Ultimately, I want to exhaustively scrape a few hundred thousand sites.
Right now, I'm trying to get my head round some details. I'm using the
crawl command for now.
A word of advice avoid using the crawl command its a one hit wonder do
the full cycle even if you are crawling just one website.
1. If I use 'nutch readdb <crawldb> –stats', I get no
output. Dump works, but I get nothing from stats.

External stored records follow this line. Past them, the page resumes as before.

Lemma is_series_telescope (u : nat -> R) (l : R) :
  is_lim_seq u l -> is_series (fun n => u n - u (S n)) (u O - l).
Proof.
  intro Hu.
  assert (Hsum : forall N, sum_n (fun n => u n - u (S n)) N = u O - u (S N)).
  { induction N as [|N IH].
    - now rewrite sum_O.
    - rewrite sum_n_succ, IH. lra. }
  refine (is_lim_seq_ext (fun N => u O - u (S N)) _ (Finite (u O - l)) _ _);
    [intro N; now rewrite Hsum|].
  apply (is_lim_seq_minus' _ _ _ _ (is_lim_seq_const (u O))).
  now apply -> is_lim_seq_incr_1.
Qed.

Lemma is_series_geom_succ q : 0 <= q < 1 -> is_series (fun k => q ^ (k + 1)) (q / (1 - q)).
Proof.
  intro Hq.
  assert (Hgeom := is_series_scal_r q _ _ (is_series_geom q ltac:(rewrite Rabs_pos_eq; lra))).
  replace (q / (1 - q)) with (/ (1 - q) * q) by (field; lra).
  revert Hgeom. apply is_series_ext_R. intro k.
  now rewrite Nat.add_1_r, <- tech_pow_Rmult, Rmult_comm.
Qed.

Lemma is_series_tail (c : nat -> R) (C : R) K :
  is_series c C -> is_series (fun k => c (S K + k)%nat) (C - sum_n c K).
Proof.
  intro Hc. apply (is_series_incr_n c (S K)); [lia|].
  change (pred (S K)) with K.
  match goal with |- is_series _ ?v => replace v with C; [exact Hc|] end.
  change (plus ?x ?y) with (x + y).
  (* [is_series_incr_n] sums over the monoid of the normed module [R]; align it with [c]'s. *)
  change (@sum_n (NormedModule.AbelianMonoid _ R_NormedModule) c K)
    with (@sum_n R_AbelianMonoid c K).
  ring.
Qed.

Lemma INR_succ_pos n : 0 < INR (n + 1).
Proof. rewrite plus_INR. pose proof (pos_INR n). simpl. lra. Qed.

Lemma is_lim_seq_inv_INR_succ : is_lim_seq (fun n => / INR (n + 1)) 0.
Proof.
  apply (is_lim_seq_ext (fun n => / INR (S n))); [intro n; now rewrite Nat.add_1_r|].
  apply -> (is_lim_seq_incr_1 (fun n => / INR n)).
  replace (Finite 0) with (Rbar_inv p_infty) by reflexivity.
  apply is_lim_seq_inv; [apply is_lim_seq_INR | discriminate].
Qed.

Lemma is_lim_seq_pow_div_INR_succ (q : R) (m : nat -> nat) :
  0 <= q <= 1 -> (forall K, (K <= m K)%nat) -> is_lim_seq (fun K => q ^ m K / INR (S (m K))) 0.
Proof.
  intros Hq Hm.
  apply (is_lim_seq_le_le (fun _ => 0) _ (fun K => / INR (K + 1))).
  - intro K. assert (HK := INR_succ_pos K).
    assert (HmK : INR (K + 1) <= INR (S (m K))) by (apply le_INR; specialize (Hm K); lia).
    assert (Hpow : 0 <= q ^ m K <= 1)
      by (split; [apply pow_le; lra | rewrite <- (pow1 (m K)); apply pow_incr; lra]).
    split.
    + apply Rdiv_le_0_compat; lra.
    + unfold Rdiv. apply Rle_trans with (1 * / INR (S (m K))).
      * apply Rmult_le_compat_r; [left; apply Rinv_0_lt_compat|]; lra.
      * rewrite Rmult_1_l. apply Rinv_le_contravar; lra.
  - apply is_lim_seq_const.
  - apply is_lim_seq_inv_INR_succ.
Qed.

What am I doing wrong?
Version 0.7.2 works fine, but .8 does not
Its a bug and its been fixed you can find it in SVN. With your version
you might have to look at logs/hadoop.log or change conf/log4j
properties to have it in standard out.
2. I'm using the db.ignore.external.links option and have
had problems setting the crawl-url filter for the hosts. . In the end I've
put in +^http://*/ which seems to work. Is this right?

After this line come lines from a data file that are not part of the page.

Definition ct_expo (n a c B : nat) (m : {ffun 'I_n -> 'I_B})
    (k : {ffun 'I_n * 'I_n -> 'I_B}) (i : 'I_n) : int :=
  ((m i)%:Z + 1 - a%:Z
   + \sum_(j < n | (i < j)%N) (k (i, j) : nat)%:Z
   - \sum_(j < n | (j < i)%N) (c%:Z + (k (j, i) : nat)%:Z))%R.

Definition ct_const (n a c B : nat) (m : {ffun 'I_n -> 'I_B})
    (k : {ffun 'I_n * 'I_n -> 'I_B}) : bool :=
  [forall p : 'I_n * 'I_n, (p.1 < p.2)%N || (k p == 0 :> nat)] &&
  [forall i : 'I_n, ct_expo a c m k i == 0%R].

Definition ct_box (n a b c B : nat) : nat :=
  \sum_(m : {ffun 'I_n -> 'I_B}) \sum_(k : {ffun 'I_n * 'I_n -> 'I_B})
     (if ct_const a c m k then ct_coef b c m k else 0).

(* The set of constant monomials
   is finite: from the exponent equations solved successively for
   x_1, x_2, ..., every index is <= (2^n + n) * (a + n*c), so the box
   bound below contains the whole support (it is symmetric in a, b only
   for convenience; any larger bound gives the same value). *)
Definition M (n a b c : nat) : nat :=
  ct_box n a b c ((2 ^ n + n) * (a + b + n * c)).+1.

From mathcomp Require Import all_boot all_algebra.
From mathcomp Require Import mpoly.
From mathcomp Require Import zify ring.
Set Implicit Arguments. Unset Strict Implicit. Unset Printing Implicit Defensive.
Import GRing.Theory Num.Theory.
Local Open Scope ring_scope.

(* Solving the exponent equations for the exponents m_i of (1-x_i)^-b leaves a
   sum, over the exponents k_ij of the pair factors, of prod_(i<j) C(c+k_ij-1,k_ij)
   times prod_i [x^D_i] (1-x)^-b, where
   D_i = a-1 + (i-1)c + sum_(j<i) k_ji - sum_(j>i) k_ij.
   Now [x^D] (1-x)^-b = [x^D] (1+x)^(D+b-1) and, with e = a+b-2+(n-1)c,
   D_i+b-1 = e + sum_(j<i) k_ji - sum_(j>i) (k_ij+c).  So every pair i<j receives
   an extra factor (1+x_j)^k (1+x_i)^(-k-c), and summed over k these factors
   rebuild (1 - x_i/x_j)^-c: the factor (1-x)^-b may be traded for (1+x)^e.
   The resulting constant term is invariant under x_i -> 1/x_(n+1-i) together
   with a <-> b, since [x^D] (1+x)^e = [x^(e-D)] (1+x)^e.  The power series
   identities are proved in R[y_1..y_n] modulo terms of high degree, with
   x_i = y_i ... y_n, so that every x_i/x_j (i < j) is a monomial of positive degree. *)

Section LowDegree.
Variables (R : comRingType) (n : nat).
Implicit Types (p q r : {mpoly R[n]}) (d : nat).

Definition order_ge d p := [forall m : 'X_{1..n < d}, p@_m == 0].

Definition eq_below d p q := order_ge d (p - q).

Lemma order_geP d p :
  reflect (forall m : 'X_{1..n}, (mdeg m < d)%N -> p@_m = 0) (order_ge d p).
Proof.
apply: (iffP forallP) => [hp m hm | hp m]; first exact/eqP/(hp (BMultinom hm)).
exact/eqP/hp/bmdeg.
Qed.

Lemma order_ge_le d d' p : (d' <= d)%N -> order_ge d p -> order_ge d' p.
Proof.
by move=> le_d'd /order_geP hp; apply/order_geP => m hm; apply: hp; apply: leq_trans le_d'd.
Qed.

Lemma order_geD d p q : order_ge d p -> order_ge d q -> order_ge d (p + q).
Proof.
by move=> /order_geP hp /order_geP hq; apply/order_geP => m hm; rewrite mcoeffD hp // hq // addr0.
Qed.

Lemma order_geN d p : order_ge d p -> order_ge d (- p).
Proof. by move=> /order_geP hp; apply/order_geP => m hm; rewrite mcoeffN hp // oppr0. Qed.

Lemma order_geM d1 d2 p q :
  order_ge d1 p -> order_ge d2 q -> order_ge (d1 + d2) (p * q).
Proof.
move=> /order_geP hp /order_geP hq; apply/order_geP => m hm.
rewrite mcoeffM big1 // => -[m1 m2] /= /eqP def_m; rewrite def_m mdegD in hm.
have [lt_m1|ge_m1] := ltnP (mdeg m1) d1; first by rewrite hp ?mul0r.
by rewrite hq ?mulr0 // -(ltn_add2l (mdeg m1)) (leq_trans hm) ?leq_add2r.
Qed.

Lemma order_geMl d p q : order_ge d q -> order_ge d (p * q).
Proof. by move=> hq; rewrite -[d]add0n; apply: order_geM => //; apply/order_geP. Qed.

Lemma order_geMr d p q : order_ge d p -> order_ge d (p * q).
Proof. by rewrite mulrC; apply: order_geMl. Qed.

Lemma order_geX (m0 : 'X_{1..n}) : order_ge (mdeg m0) 'X_[m0].
Proof.
apply/order_geP => m hm; rewrite mcoeffX; case: eqP => // def_m.
by rewrite def_m ltnn in hm.
Qed.

Lemma order_geXn d p k : order_ge d p -> order_ge (d * k) (p ^+ k).
Proof.
move=> hp; elim: k => [|k ihk]; first by rewrite muln0; apply/order_geP.
by rewrite exprS mulnS; apply: order_geM.
Qed.

Lemma eq_below_coef d p q m : eq_below d p q -> (mdeg m < d)%N -> p@_m = q@_m.
Proof. by move=> /order_geP hpq hm; apply/eqP; rewrite -subr_eq0 -mcoeffB hpq. Qed.

Lemma eq_below_subr d p r : order_ge d r -> eq_below d (p - r) p.
Proof. by move=> hr; rewrite /eq_below addrAC subrr add0r; apply: order_geN. Qed.

Lemma eq_below_refl d p : eq_below d p p.
Proof. by rewrite /eq_below subrr; apply/order_geP => m _; rewrite mcoeff0. Qed.

Lemma eq_below_sym d p q : eq_below d p q -> eq_below d q p.
Proof. by move=> hpq; rewrite /eq_below -opprB; apply: order_geN. Qed.

Lemma eq_below_trans d p q r : eq_below d p q -> eq_below d q r -> eq_below d p r.
Proof.
by move=> hpq hqr; rewrite /eq_below -[p](subrK q) -addrA; apply: order_geD.
Qed.

Lemma eq_belowM d p p' q q' :
  eq_below d p p' -> eq_below d q q' -> eq_below d (p * q) (p' * q').
Proof.
move=> hp hq; rewrite /eq_below; have -> : p * q - p' * q' = (p - p') * q + p' * (q - q') by ring.
by apply: order_geD; [apply: order_geMr | apply: order_geMl].
Qed.

Lemma eq_belowX d p q k : eq_below d p q -> eq_below d (p ^+ k) (q ^+ k).
Proof.
move=> hpq; elim: k => [|k ihk]; first exact: eq_below_refl.
by rewrite !exprS; apply: eq_belowM.
Qed.

Lemma eq_below_prod d (I : Type) (s : seq I) (P : pred I) (F G : I -> {mpoly R[n]}) :
  (forall i, P i -> eq_below d (F i) (G i)) ->
  eq_below d (\prod_(i <- s | P i) F i) (\prod_(i <- s | P i) G i).
Proof.
move=> hFG; apply: (big_ind2 (eq_below d)) => //; [exact: eq_below_refl | exact: eq_belowM].
Qed.

Lemma eq_below_inv_uniq d p q q' :
  eq_below d (p * q) 1 -> eq_below d (p * q') 1 -> eq_below d q q'.
Proof.
move=> hq hq'; apply: (eq_below_trans (q := q * (p * q'))).
  by rewrite -{1}[q]mulr1; exact: (eq_belowM (eq_below_refl _ q) (eq_below_sym hq')).
rewrite mulrA [q * p]mulrC -[X in eq_below _ _ X]mul1r.
exact: (eq_belowM hq (eq_below_refl _ q')).
Qed.

End LowDegree.

Arguments order_geX {R n} m0.
Arguments eq_below_refl {R n d} p.

Section Series.
Variable R : comRingType.
Implicit Type z : R.

Definition binom_series (c B : nat) z := \sum_(k < B) 'C(c + k - 1, k)%:R * z ^+ k.

Definition alt_geom (N : nat) z := \sum_(k < N) (- z) ^+ k.

Lemma binom_series0 B z : binom_series 0 B.+1 z = 1.
Proof.
rewrite /binom_series big_ord_recl big1 => [|k _]; first by rewrite bin0 mul1r addr0.
by rewrite add0n subn1 /= bin_small ?mul0r.
Qed.

Lemma mul1B_binom_series c B z :
  (1 - z) * binom_series c.+1 B.+1 z =
  binom_series c B.+1 z - 'C(c + B, B)%:R * z ^+ B.+1.
Proof.
rewrite /binom_series; elim: B => [|B ihB].
  by rewrite !big_ord1 !bin0 !mul1r expr0 expr1 mulr1.
rewrite big_ord_recr /= mulrDr ihB [in RHS]big_ord_recr /=.
rewrite !addnS addSn !subn1 /= binS natrD !exprS.
ring.
Qed.

Lemma mul1D_alt_geom N z : (1 + z) * alt_geom N z = 1 - (- z) ^+ N.
Proof.
have -> : 1 + z = - (- z - 1) by rewrite opprB opprK addrC.
by rewrite mulNr -subrX1 opprB.
Qed.

End Series.

Section SeriesInverses.
Variables (R : comRingType) (n : nat).
Implicit Types (r v z : {mpoly R[n]}) (d : nat).

Lemma binom_seriesK c B d z : order_ge 1 z -> (d <= B)%N ->
  eq_below d ((1 - z) ^+ c * binom_series c B z) 1.
Proof.
move=> hz; case: B => [|B] le_dB.
  by rewrite leqn0 in le_dB; rewrite (eqP le_dB); apply/order_geP.
elim: c => [|c ihc]; first by rewrite expr0 mul1r binom_series0; exact: eq_below_refl.
rewrite exprSr -mulrA mul1B_binom_series mulrBr.
apply: eq_below_trans (eq_below_subr _ _) ihc.
apply/order_geMl/order_geMl/(order_ge_le le_dB).
by rewrite -{1}[B.+1]mul1n; exact: order_geXn.
Qed.

Lemma alt_geomK d z : order_ge 1 z -> eq_below d ((1 + z) * alt_geom d z) 1.
Proof.
move=> hz; rewrite mul1D_alt_geom; apply: eq_below_subr.
by rewrite exprNn -{1}[d]mul1n; apply/order_geMl/order_geXn.
Qed.

(* (1 - r)^-c = sum_k C(c+k-1,k) (r (1+v))^k (1 + r v)^(-k-c): expand
   (1 - r)^-c = (1 + r v)^-c (1 - Z)^-c with Z = r (1 + v) / (1 + r v). *)
Lemma binom_series_twist c B d r v : order_ge 1 r -> (d <= B)%N ->
  eq_below d
    (\sum_(k < B) 'C(c + k - 1, k)%:R * r ^+ k *
       ((1 + v) ^+ k * alt_geom d (r * v) ^+ (k + c)))
    (binom_series c B r).
Proof.
move=> hr le_dB; set G := alt_geom d (r * v); set Z := r * ((1 + v) * G).
have -> : \sum_(k < B) 'C(c + k - 1, k)%:R * r ^+ k * ((1 + v) ^+ k * G ^+ (k + c))
          = binom_series c B Z * G ^+ c.
  by rewrite mulr_suml; apply: eq_bigr => k _; rewrite !exprMn exprD !mulrA.
have hG : eq_below d ((1 + r * v) * G) 1 by apply/alt_geomK/order_geMr.
have hZ : eq_below d ((1 - Z) * (1 + r * v)) (1 - r).
  rewrite /eq_below.
  have -> : (1 - Z) * (1 + r * v) - (1 - r) = - (r * (1 + v)) * ((1 + r * v) * G - 1).
    by rewrite /Z; ring.
  exact: order_geMl.
apply: (eq_below_inv_uniq (p := (1 - r) ^+ c)); last exact: binom_seriesK.
apply: (eq_below_trans (q := ((1 - Z) * (1 + r * v)) ^+ c * (binom_series c B Z * G ^+ c))).
  exact: (eq_belowM (eq_belowX _ (eq_below_sym hZ)) (eq_below_refl _)).
have -> : ((1 - Z) * (1 + r * v)) ^+ c * (binom_series c B Z * G ^+ c)
          = ((1 - Z) ^+ c * binom_series c B Z) * ((1 + r * v) * G) ^+ c.
  by rewrite !exprMn; ring.
rewrite -[X in eq_below _ _ X](expr1n _ c) -[X in eq_below _ _ X]mul1r.
apply: eq_belowM (eq_belowX _ hG).
by apply: binom_seriesK; rewrite // /Z; apply: order_geMr.
Qed.

End SeriesInverses.

Section UnivariateCoef.
Variable R : comRingType.
Implicit Type p : {poly R}.

Definition coefz p (D : int) : R := if 0 <= D then p`_`|D| else 0.

Lemma coef_Xadd1n z D : (('X + 1) ^+ z : {poly R})`_D = 'C(z, D)%:R.
Proof.
elim: z D => [|z ihz] D; first by case: D => [|D]; rewrite expr0 coef1.
rewrite exprSr mulrDr mulr1 coefD coefMX ihz.
by case: D => [|D]; rewrite /= ?ihz ?bin0 ?add0r // binS natrD addrC.
Qed.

Again you are better off not using this one hit wonder. Honestly I
would like to propose that we remove this "command". The command
supposed to help users but its actually "hides all the process"
involved for running a search engine. I see no point in hiding these
process from operators who will need to know them no matter what. Then
again its my view.
3. If I scrape a site with embedded flash, the flash is
not parsed and so I get no linked pages. Is this what I should expect? Do
I need to do something to enable parsing embedded objects and or flash?
plugin-flash I think I am not sure.. you need to enable all the
plugins that you need Have a look nutch-site.xml/nutch-default.xml
under conf.
4. If I understand comments in the crawl-urlfilter.txt
correctly, links containing a '?' (queries) are not followed. I most
certainly need to do this.
5. At least some asp pages to do not use anchors and so on
for navigation, but instead posts triggered by javascript. Will nutch
handle these (I imagine this also applies to other self posting pages such
as jsp).
6. Will nutch handle javascript redirects?
As far as i know yes.
Hope someone can help me with some of these!
Iain